Она ожидает его, как он и предполагал. Однако же он изумлен. Сочетание изумления и в точности осуществленных ожиданий свойственно исключительно моментам плотского влечения, поэтому они и выбиваются из нормального хода времени. Возможно, в какой-то миг до нашего рождения мы, на неведомом для нас уровне, воспринимали так всю нашу жизнь. Прежде чем коснуться ее, он уже знает, что откроет для него прикосновение. Едва он коснется ее, то в полной мере осознает ее одинокость. Раздеваясь, она сбросила с себя все чужие желания, которые составляют ее жизнь. Вместе с одеждой она отринула всех ненавистных ему мужчин. Ее обнаженное тело – доказательство ее одинокости. Он узнает и желает именно этой одинокости. Он уводит ее из супружеской спальни, из богато обставленного дома, с улицы, где шторы неподвижны, будто высечены из камня, от зачитанного до дыр томика Малларме, от нарядов, заказанных у модистки и оплаченных мужем, от лживого равнодушия зеркал, отражающих супругов, – он уводит ее все дальше и дальше от привычных мест, туда, где она остается одна в своей одинокости. Оттуда, из его и ее уединенности, они и начинают. Andiamo. Пойдем.
Он смотрит на нее невероятно пристальным взглядом, и она видит себя дриадой, по-звериному настороженной и проворной, чуткой, быстроногой, сладкоголосой, бесстыдной. Она видит его и дриаду вместе, и вид этот наполняет ее невероятной нежностью. Дриада расстегивает его рубашку. Камилла воображает, что дриада предложит себя по-звериному, на четвереньках, лицом к земле, а он возьмет ее, как козел. Она становится на четвереньки и подползает к его голове, склоняется и целует его веки.
– Камелия…
Чувство нежности обволакивает, лишает Камиллу способности воспринимать все отстраненно; мысль о дриаде немедленно пропадает, сначала на мгновение, потом надолго, дриада растворяется в тишине, наполненной запахом примятой травы, исчезает навсегда. Камилла, склонив голову над бедром лежащего рядом мужчины, полностью сосредоточивается на том, как ее язык скользит по внутренней стороне его члена.
Он под ней, над ней, рядом с ней. Он ничего от нее не требует. Он ни на что не притязает. Он здесь, будто шпалера, увитая виноградной лозой. Он здесь, как стена, в которую можно биться головой. Он здесь, снаружи, словно мир, который не пытается ворваться к ней в сознание. Она не говорит себе, что любит его. В отличие от всех остальных мужчин он убеждает ее только в одном – в том, что желает ее и только ее, и это желание порождено ее существованием.
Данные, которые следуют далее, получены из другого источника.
(* Let $\tau\in\mathbb N$ and $f:\mathbb Z_+\times\mathbb R\to\mathbb R$, continuous in $x$, be asymptotically $\tau$-periodic in time, $f=P+R$. Assume: the $\tau$-periodic solutions of $x(t+1)=P(t,x(t))$ are isolated; every $g\in H^+(f)$ is strictly increasing in $x$; and the solution $\varphi(t,u_0,f)$ of $x(t+1)=f(t,x(t))$, $x(0)=u_0$, is bounded on $\mathbb Z_+$. Then $\varphi(t,u_0,f)$ is asymptotically $\tau$-periodic: there is a $\tau$-periodic sequence $p$ with $\varphi(t,u_0,f)-p(t)\to0$ as $t\to\infty$.
   Context: Asymptotically $\tau$-periodic in time: $f=P+R$ with $P(t+\tau,x)=P(t,x)$ for all $(t,x)$ and $\lim_{t\to\infty}R(t,x)=0$ uniformly in $x$ on compact subsets of $\mathbb R$. $H^+(f)$ is the closure of $\{f(\cdot+h,\cdot):h\in\mathbb Z_+\}$ in the topology of uniform convergence on finite $t$-sets times compact $x$-sets. A $\tau$-periodic solution $\varphi(t,u_0,P)$ (i.e. $\varphi(\tau,u_0,P)=u_0$) of $x(t+1)=P(t,x(t))$ is isolated if there is $\delta>0$ such that no $u\neq u_0$ with $|u-u_0|<\delta$ gives a $\tau$-periodic solution. *)

From Stdlib Require Import Reals Lra.
Open Scope R_scope.

Fixpoint sol (F : nat -> R -> R) (u0 : R) (t : nat) : R :=
  match t with
  | O => u0
  | S t' => F t' (sol F u0 t')
  end.

Definition periodic_in_time (tau : nat) (P : nat -> R -> R) : Prop :=
  forall t x, P (t + tau)%nat x = P t x.

(* R(t,x) -> 0 as t -> oo, uniformly in x on compact subsets of R
   (every compact set lies in some [-M, M]). *)
Definition vanishes_unif_compact (Rm : nat -> R -> R) : Prop :=
  forall M eps, 0 < eps -> exists T : nat,
    forall t x, (T <= t)%nat -> Rabs x <= M -> Rabs (Rm t x) < eps.

Definition asympt_periodic_decomp (tau : nat) (f P Rm : nat -> R -> R) : Prop :=
  (forall t x, f t x = P t x + Rm t x) /\
  periodic_in_time tau P /\ vanishes_unif_compact Rm.

Definition periodic_solutions_isolated (tau : nat) (P : nat -> R -> R) : Prop :=
  forall u0, sol P u0 tau = u0 ->
    exists delta, 0 < delta /\
      forall u, u <> u0 -> Rabs (u - u0) < delta -> sol P u tau <> u.

(* g belongs to the hull H^+(f): closure of the translates f(.+h, .), h in Z_+,
   for uniform convergence on finite t-sets times compact x-sets
   (basic neighbourhoods: t in {0..N}, |x| <= M, accuracy eps). *)
Definition in_hull (f g : nat -> R -> R) : Prop :=
  forall (N : nat) (M eps : R), 0 < eps -> exists h : nat,
    forall t x, (t <= N)%nat -> Rabs x <= M ->
      Rabs (f (t + h)%nat x - g t x) < eps.

Definition strictly_increasing_in_x (g : nat -> R -> R) : Prop :=
  forall t x y, x < y -> g t x < g t y.

From Stdlib Require Import Reals Lra Lia.
From Coquelicot Require Import Rcomplements Rbar Lim_seq.
Open Scope R_scope.

(* Sample the solution at multiples of tau: y k := phi(k tau).  Then
   y (k+1) = Phi_k (y k), where Phi_k is the time-tau map of the shifted
   equation; Phi_k is monotone and converges to the period map Psi of the
   limit equation x(t+1) = P(t,x(t)).  If the bounded sequence y did not
   converge, it would cross every level c strictly between its lim inf and
   lim sup infinitely often in both directions; monotonicity then forces
   Psi c = c (if Psi c < c, once y drops below c it stays below), so a whole
   interval would consist of tau-periodic initial values, contradicting
   isolation.  Hence y k -> q, and phi(k tau + j) -> phi(j, q, P) for every
   residue j, i.e. phi is asymptotic to the tau-periodic solution through q. *)

Lemma continuity_pt_iff_ball (g : R -> R) (s : R) :
  continuity_pt g s <->
  forall eps, 0 < eps -> exists d, 0 < d /\
    forall x, Rabs (x - s) < d -> Rabs (g x - g s) < eps.
Proof.
  split.
  - intros Hg eps He.
    destruct (Hg eps He) as [d [Hd Hball]].
    exists d; split; [exact Hd|]. intros x Hx.
    destruct (Req_dec x s) as [-> | Hxs].
    + rewrite Rminus_diag, Rabs_R0; exact He.
    + apply Hball; repeat split; auto.
  - intros Hg eps He.
    destruct (Hg eps He) as [d [Hd Hball]].
    exists d; split; [exact Hd|]. intros x [_ Hx]. exact (Hball x Hx).
Qed.

Lemma Rabs_le_of_dist_lt (x s r : R) : Rabs (x - s) < r -> Rabs x <= Rabs s + r.
Proof.
  intros Hxs. pose proof (Rabs_triang (x - s) s) as Htri.
  replace (x - s + s) with x in Htri by ring. lra.
Qed.

Lemma Un_cv_const (c : R) : Un_cv (fun _ => c) c.
Proof. apply is_lim_seq_Reals, is_lim_seq_const. Qed.

Definition cv_unif_compact (g : nat -> R -> R) (G : R -> R) : Prop :=
  forall M eps, 0 < eps -> exists K : nat,
    forall k x, (K <= k)%nat -> Rabs x <= M -> Rabs (g k x - G x) < eps.

Lemma cv_unif_compact_continuity (g : nat -> R -> R) (G : R -> R) :
  (forall k, continuity (g k)) -> cv_unif_compact g G -> continuity G.
Proof.
  intros Hg Hcv s. apply continuity_pt_iff_ball. intros eps He.
  destruct (Hcv (Rabs s + 1) (eps / 3)) as [K HK]; [lra|].
  destruct (proj1 (continuity_pt_iff_ball (g K) s) (Hg K s) (eps / 3))
    as [d [Hd Hball]]; [lra|].
  exists (Rmin d 1); split; [apply Rmin_pos; lra|]. intros x Hx.
  pose proof (Rmin_l d 1). pose proof (Rmin_r d 1).
  assert (Hgx : Rabs (g K x - g K s) < eps / 3) by (apply Hball; lra).
  assert (Hx_near : Rabs (g K x - G x) < eps / 3).
  { apply HK; [lia|]. apply Rabs_le_of_dist_lt. lra. }
  assert (Hs_near : Rabs (g K s - G s) < eps / 3).
  { apply HK; [lia|]. pose proof (Rabs_pos s). lra. }
  apply Rabs_def2 in Hgx, Hx_near, Hs_near. apply Rabs_def1; lra.
Qed.

Lemma cv_unif_compact_apply (g : nat -> R -> R) (G : R -> R) (w : nat -> R) (q : R) :
  cv_unif_compact g G -> continuity_pt G q -> Un_cv w q ->
  Un_cv (fun k => g k (w k)) (G q).
Proof.
  intros Hcv HG Hw eps He.
  destruct (proj1 (continuity_pt_iff_ball G q) HG (eps / 2)) as [d [Hd Hball]]; [lra|].
  destruct (Hw (Rmin d 1)) as [K1 HK1]; [apply Rmin_pos; lra|].
  destruct (Hcv (Rabs q + 1) (eps / 2)) as [K2 HK2]; [lra|].
  exists (max K1 K2). intros k Hk. unfold R_dist.
  assert (Hwk : Rabs (w k - q) < Rmin d 1) by (apply HK1; lia).
  pose proof (Rmin_l d 1). pose proof (Rmin_r d 1).
  assert (HGw : Rabs (G (w k) - G q) < eps / 2) by (apply Hball; lra).
  assert (Hgw : Rabs (g k (w k) - G (w k)) < eps / 2).
  { apply HK2; [lia|]. apply Rabs_le_of_dist_lt. lra. }
  apply Rabs_def2 in HGw, Hgw. apply Rabs_def1; lra.
Qed.

Lemma sol_shift (f : nat -> R -> R) (u0 : R) (s j : nat) :
  sol f u0 (s + j) = sol (fun t => f (s + t)%nat) (sol f u0 s) j.
Proof.
  induction j as [|j IH]; simpl.
  - now rewrite Nat.add_0_r.
  - now rewrite Nat.add_succ_r, <- IH.
Qed.

Lemma sol_le_compat (g : nat -> R -> R) :
  (forall t x x', x <= x' -> g t x <= g t x') ->
  forall j u u', u <= u' -> sol g u j <= sol g u' j.
Proof.
  intros Hg j u u' Hu. induction j as [|j IH]; simpl; auto.
Qed.

Lemma sol_cv_unif_compact (F : nat -> nat -> R -> R) (G : nat -> R -> R)
    (w : nat -> R) (q : R) :
  (forall j, cv_unif_compact (fun k => F k j) (G j)) ->
  (forall j, continuity (G j)) -> Un_cv w q ->
  forall j, Un_cv (fun k => sol (F k) (w k) j) (sol G q j).
Proof.
  intros HF HG Hw j. induction j as [|j IH]; simpl; [exact Hw|].
  exact (cv_unif_compact_apply _ _ _ _ (HF j) (HG j _) IH).
Qed.

Lemma periodic_in_time_mul (tau : nat) (P : nat -> R -> R) :
  periodic_in_time tau P -> forall k t x, P (k * tau + t)%nat x = P t x.
Proof.
  intros HP k. induction k as [|k IH]; intros t x; simpl; [reflexivity|].
  replace (tau + k * tau + t)%nat with (k * tau + t + tau)%nat by lia.
  rewrite HP. apply IH.
Qed.

Lemma shifted_cv_unif_compact (tau : nat) (f P Rm : nat -> R -> R) :
  (0 < tau)%nat -> asympt_periodic_decomp tau f P Rm ->
  forall j, cv_unif_compact (fun k => f (k * tau + j)%nat) (P j).
Proof.
  intros Htau [Hf [HP Hvan]] j M eps He.
  destruct (Hvan M eps He) as [T HT]. exists T. intros k x Hk Hx.
  rewrite Hf, <- (periodic_in_time_mul tau P HP k j x).
  replace (_ + _ - _) with (Rm (k * tau + j)%nat x) by ring.
  apply HT; [nia | exact Hx].
Qed.

Lemma shifted_sol_cv (tau : nat) (f P Rm : nat -> R -> R) :
  (0 < tau)%nat -> (forall t, continuity (f t)) ->
  asympt_periodic_decomp tau f P Rm ->
  forall (w : nat -> R) (q : R), Un_cv w q ->
  forall j, Un_cv (fun k => sol (fun t => f (k * tau + t)%nat) (w k) j) (sol P q j).
Proof.
  intros Htau Hf Hdec w q Hw.
  pose proof (shifted_cv_unif_compact tau f P Rm Htau Hdec) as Hcv.
  apply (sol_cv_unif_compact (fun k t => f (k * tau + t)%nat)); [exact Hcv| |exact Hw].
  intros j. exact (cv_unif_compact_continuity _ _ (fun k => Hf _) (Hcv j)).
Qed.

Lemma in_hull_refl (f : nat -> R -> R) : in_hull f f.
Proof.
  intros N M eps He. exists 0%nat. intros t x _ _.
  rewrite Nat.add_0_r, Rminus_diag, Rabs_R0. exact He.
Qed.

Lemma strictly_increasing_in_x_le (g : nat -> R -> R) :
  strictly_increasing_in_x g -> forall t x x', x <= x' -> g t x <= g t x'.
Proof.
  intros Hg t x x' [Hlt | ->]; [left; exact (Hg t x x' Hlt) | right; reflexivity].
Qed.

Lemma periodic_solutions_isolated_gap (tau : nat) (P : nat -> R -> R) (a b : R) :
  periodic_solutions_isolated tau P -> a < b ->
  exists c, a < c < b /\ sol P c tau <> c.
Proof.
  intros Hiso Hab. set (c0 := (a + b) / 2).
  destruct (Req_dec (sol P c0 tau) c0) as [Hfix|Hne].
  2: { exists c0; split; [unfold c0; lra | exact Hne]. }
  destruct (Hiso c0 Hfix) as [delta [Hdelta Hd]].
  set (r := Rmin delta (b - c0) / 2).
  assert (Hr : 0 < r < delta /\ r < b - c0).
  { pose proof (Rmin_l delta (b - c0)). pose proof (Rmin_r delta (b - c0)).
    assert (0 < Rmin delta (b - c0)) by (apply Rmin_pos; unfold c0; lra).
    unfold r; lra. }
  exists (c0 + r). split; [unfold c0 in *; lra|].
  apply Hd; [lra|].
  replace (c0 + r - c0) with r by ring. rewrite Rabs_pos_eq; lra.
Qed.

Definition oscillates_around (y : nat -> R) (c : R) : Prop :=
  (forall N, exists n, (N <= n)%nat /\ y n < c) /\
  (forall N, exists n, (N <= n)%nat /\ c < y n).

Lemma bounded_cv_or_oscillates (y : nat -> R) (B : R) :
  (forall n, Rabs (y n) <= B) ->
  (exists q, Un_cv y q) \/
  (exists a b, a < b /\ forall c, a < c < b -> oscillates_around y c).
Proof.
  intros HB.
  assert (Hbetween : forall n, - B <= y n <= B) by (intros n; apply Rabs_le_between, HB).
  destruct (ex_LimSup_seq y) as [Ls HLs], (ex_LimInf_seq y) as [Li HLi].
  pose proof (is_LimSup_LimInf_seq_le y Ls Li HLs HLi) as Hle.
  destruct Ls as [L| |]; simpl in HLs.
  2: { destruct (HLs B 0%nat) as [n [_ Hn]]. specialize (Hbetween n). lra. }
  2: { destruct (HLs (- B)) as [N HN]. specialize (HN N (le_n N)).
       specialize (Hbetween N). lra. }
  destruct Li as [l| |]; simpl in HLi, Hle.
  2: contradiction.
  2: { destruct (HLi (- B) 0%nat) as [n [_ Hn]]. specialize (Hbetween n). lra. }
  destruct Hle as [Hlt|Heq].
  - right. exists l, L. split; [exact Hlt|]. intros c [Hlc HcL]. split.
    + intros N. destruct (proj1 (HLi (mkposreal (c - l) ltac:(lra))) N) as [n [Hn Hy]].
      exists n; split; [exact Hn|]. simpl in Hy; lra.
    + intros N. destruct (proj1 (HLs (mkposreal (L - c) ltac:(lra))) N) as [n [Hn Hy]].
      exists n; split; [exact Hn|]. simpl in Hy; lra.
  - left. exists L. subst l. apply is_lim_seq_Reals, is_LimSup_LimInf_lim_seq; assumption.
Qed.

(* If Phi_k c < c eventually, a trajectory that once drops below c stays
   below c, so it cannot oscillate around c. *)
Lemma oscillates_around_not_lt (Phi : nat -> R -> R) (y : nat -> R) (c d : R) :
  (forall k, y (S k) = Phi k (y k)) ->
  (forall k x x', x <= x' -> Phi k x <= Phi k x') ->
  Un_cv (fun k => Phi k c) d -> oscillates_around y c -> ~ d < c.
Proof.
  intros Hrec Hmono Hcv [Hbelow Habove] Hdc.
  destruct (Hcv (c - d)) as [K HK]; [lra|].
  destruct (Hbelow K) as [n [Hn Hyn]].
  assert (Hstay : forall m, y (n + m)%nat < c).
  { induction m as [|m IH]; [rewrite Nat.add_0_r; exact Hyn|].
    rewrite Nat.add_succ_r, Hrec.
    specialize (HK (n + m)%nat ltac:(lia)). unfold R_dist in HK.
    apply Rabs_def2 in HK.
    apply Rle_lt_trans with (Phi (n + m)%nat c); [apply Hmono; lra | lra]. }
  destruct (Habove n) as [n' [Hn' Hyn']].
  specialize (Hstay (n' - n)%nat).
  replace (n + (n' - n))%nat with n' in Hstay by lia. lra.
Qed.

Lemma oscillates_around_fixed (Phi : nat -> R -> R) (y : nat -> R) (c d : R) :
  (forall k, y (S k) = Phi k (y k)) ->
  (forall k x x', x <= x' -> Phi k x <= Phi k x') ->
  Un_cv (fun k => Phi k c) d -> oscillates_around y c -> d = c.
Proof.
  intros Hrec Hmono Hcv Hosc.
  apply Rle_antisym; apply Rnot_lt_le; intros Hcd.
  - (* the mirrored system x |-> - Phi k (- x) *)
    apply (oscillates_around_not_lt (fun k x => - Phi k (- x)) (fun n => - y n) (- c) (- d)).
    + intros k. rewrite Hrec, Ropp_involutive. reflexivity.
    + intros k x x' Hx. apply Ropp_le_contravar, Hmono. lra.
    + replace (- - c) with c by ring. exact (CV_opp _ _ Hcv).
    + destruct Hosc as [Hbelow Habove]. split.
      * intros N. destruct (Habove N) as [n [Hn Hy]]. exists n. split; [exact Hn | lra].
      * intros N. destruct (Hbelow N) as [n [Hn Hy]]. exists n. split; [exact Hn | lra].
    + lra.
  - exact (oscillates_around_not_lt Phi y c d Hrec Hmono Hcv Hosc Hcd).
Qed.

Lemma Un_cv_mod_interleave (u p : nat -> R) (tau : nat) :
  (0 < tau)%nat ->
  (forall j, (j < tau)%nat -> Un_cv (fun k => u (k * tau + j)%nat) (p j)) ->
  Un_cv (fun t => u t - p (t mod tau)%nat) 0.
Proof.
  intros Htau Hcv eps He.
  assert (Hunif : forall n, (n <= tau)%nat -> exists K, forall j k,
             (j < n)%nat -> (K <= k)%nat -> Rabs (u (k * tau + j)%nat - p j) < eps).
  { induction n as [|n IH]; intros Hn.
    - exists 0%nat. intros j k Hj. lia.
    - destruct (IH ltac:(lia)) as [K1 HK1].
      destruct (Hcv n ltac:(lia) eps He) as [K2 HK2].
      exists (max K1 K2). intros j k Hj Hk.
      destruct (Nat.eq_dec j n) as [-> | Hjn]; [apply HK2 | apply HK1]; lia. }
  destruct (Hunif tau (le_n tau)) as [K HK].
  exists (K * tau)%nat. intros t Ht. unfold R_dist. rewrite Rminus_0_r.
  pose proof (Nat.div_mod_eq t tau) as Hdiv.
  pose proof (Nat.mod_upper_bound t tau ltac:(lia)) as Hmod.
  assert (HK_le : (K <= t / tau)%nat).
  { destruct (Nat.le_gt_cases K (t / tau)) as [H|H]; [exact H|]. nia. }
  replace t with (t / tau * tau + t mod tau)%nat at 1 by lia.
  apply HK; assumption.
Qed.

Theorem mainTheorem19 (tau : nat) (f P Rm : nat -> R -> R) (u0 : R) :
  (0 < tau)%nat ->
  (forall t, continuity (f t)) ->
  asympt_periodic_decomp tau f P Rm ->
  periodic_solutions_isolated tau P ->
  (forall g, in_hull f g -> strictly_increasing_in_x g) ->
  (exists B, forall t, Rabs (sol f u0 t) <= B) ->
  exists p : nat -> R,
    (forall t, p (t + tau)%nat = p t) /\
    Un_cv (fun t => sol f u0 t - p t) 0.
Proof.
  intros Htau Hf Hdec Hiso Hmono [B HB].
  set (F := fun k t => f (k * tau + t)%nat).
  set (y := fun k => sol f u0 (k * tau)%nat).
  pose proof (shifted_sol_cv tau f P Rm Htau Hf Hdec) as Hcv.
  destruct (bounded_cv_or_oscillates y B (fun k => HB _)) as [[q Hq]|[a [b [Hab Hosc]]]].
  - exists (fun t => sol P q (t mod tau)). split.
    + intros t. replace (t + tau)%nat with (t + 1 * tau)%nat by lia.
      now rewrite Nat.Div0.mod_add.
    + apply (Un_cv_mod_interleave (sol f u0) (sol P q) tau Htau). intros j _.
      apply is_lim_seq_Reals, (is_lim_seq_ext (fun k => sol (F k) (y k) j)).
      { intros k. symmetry. apply sol_shift. }
      apply is_lim_seq_Reals, Hcv, Hq.
  - exfalso.
    destruct (periodic_solutions_isolated_gap tau P a b Hiso Hab) as [c [Hc Hne]].
    apply Hne, (oscillates_around_fixed (fun k x => sol (F k) x tau) y); [| | | apply Hosc, Hc].
    + intros k. unfold y. rewrite Nat.mul_succ_l. apply sol_shift.
    + intros k. apply sol_le_compat. intros t.
      exact (strictly_increasing_in_x_le f (Hmono f (in_hull_refl f)) _).
    + exact (Hcv _ _ (Un_cv_const c) tau).
Qed.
Прежде мужчины останавливали на ней свой выбор для удовлетворения уже существовавших в них желаний, потому что она примерно соответствовала их ожиданиям. Однако у него, похоже, нет никаких ожиданий. Он убедил ее, что пенис, подрагивающий над ее лицом, приобрел размер, цвет, форму и тепло именно из-за того, что он распознал в ней. Когда дрожащий, шелковистый, багровый цикламеноподобный член входит в нее – глубоко, насколько позволяют кости ее тазового пояса, она осознает, что он возвращается к истокам своего желания. Вкус крайней плоти, умягченной одинокой слезой прозрачной семенной жидкости на цикламеновом бутоне головки – это вкус ее самой, воплощенной в другом.